*Exercise directions:* Scan the records for the string "Lemma", then copy each line that has it.

Extracted data entries:
====
Lemma frw_regular {x} : D x ->
  [/\ derivable a (time x) 1, a (time x) != 0, gmx gs (spat x) \in unitmx &
      forall i j k, derivable (gs i j) (spat x) (ei k)].
Proof.
move=> [Ix Ux]; have [da _ a_neq0] := a_regular _ Ix; split => //.
- exact/posdef_unitmx/gs_posdef.
- by move=> i j k; have [+ _] := sgs i j [::] _ Ux; apply.
Qed.

Lemma D_near_line {x} j : D x -> \forall h \near 0, D (h *: ei j + x).
Proof.
move=> [Ix Ux].
have I_near := open_near_line (dtime j) oI Ix.
have U_near : \forall h \near (0 : R), U (spat (h *: ei j + x)).
  case: (unliftP ord0 j) => [j'|] ->.
  - by apply: filterS (open_near_line (ei j') oU Ux) => h; rewrite spat_shiftS.
  - by apply: filterS (open_near_line 0 oU Ux) => h _; rewrite spat_shift0.
by apply: filterS2 I_near U_near => h Ih Uh; split; rewrite ?time_shift.
Qed.

Lemma derivable_Hdot_on {s} : I s -> derivable (Hdot a) s 1.
Proof. by move=> Is; apply: (derivable_Hdot a oI Is a_regular); exact: (sa 2). Qed.

Lemma pd_box_time x p : D x ->
  pd p (box g (@time R)) x = dtime p * (-3 * Hdot a (time x)).
Proof.
move=> Dx.
have box_near : \forall h \near 0, box g (@time R) (h *: ei p + x) =
    -3 * Hub a (time (h *: ei p + x)).
  apply: filterS (D_near_line p Dx) => h Dh; have [d1 d2 d3 _] := frw_regular Dh.
  exact: box_frw_time.
rewrite /pd (@derive_near_line _ _ _ (fun w => -3 * Hub a (time w)) _ _ box_near).1.
have [da da' a_neq0] := a_regular _ Dx.1.
have dHub := derivable_Hub _ _ da da' a_neq0.
have d3Hub := derivableM_fun (derivable_cst (-3 : R) (time x) 1) dHub.
have [+ _] := pd_comp_time _ p x d3Hub; rewrite /pd => ->.
by rewrite (deriveM_fun (derivable_cst (-3 : R) (time x) 1) dHub) derive_cst
  mulr0 addr0 /Hdot derive1E.
Qed.

Lemma Xmim_frw x k l : D x ->
  X k l x = 2 * (zeta (time x) + 3 * gam * Hdot a (time x)) * ucov k x * ucov l x
            + (V (time x) + 3 * gam * Hdot a (time x)) * g k l x.
Proof.
move=> Dx; have [_ a_neq0 gs_unit _] := frw_regular Dx.
rewrite /X /Xmim /ucov !pd_time !pd_box_time //.
under eq_bigr => p _ do (under eq_bigr => q _ do
  rewrite pd_box_time // pd_time -mulrA mulrAC mulrA).
under eq_bigr => p _ do rewrite -mulr_suml.
rewrite -mulr_suml (sum_mul_dtime2 (fun p q => ginv g x p q)) ginv_frw0 // dtime0.
by ring.
Qed.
====
*Response below:*
Lemma frw_regular {x} : D x ->
Lemma D_near_line {x} j : D x -> \forall h \near 0, D (h *: ei j + x).
Lemma derivable_Hdot_on {s} : I s -> derivable (Hdot a) s 1.
Lemma pd_box_time x p : D x ->
Lemma Xmim_frw x k l : D x ->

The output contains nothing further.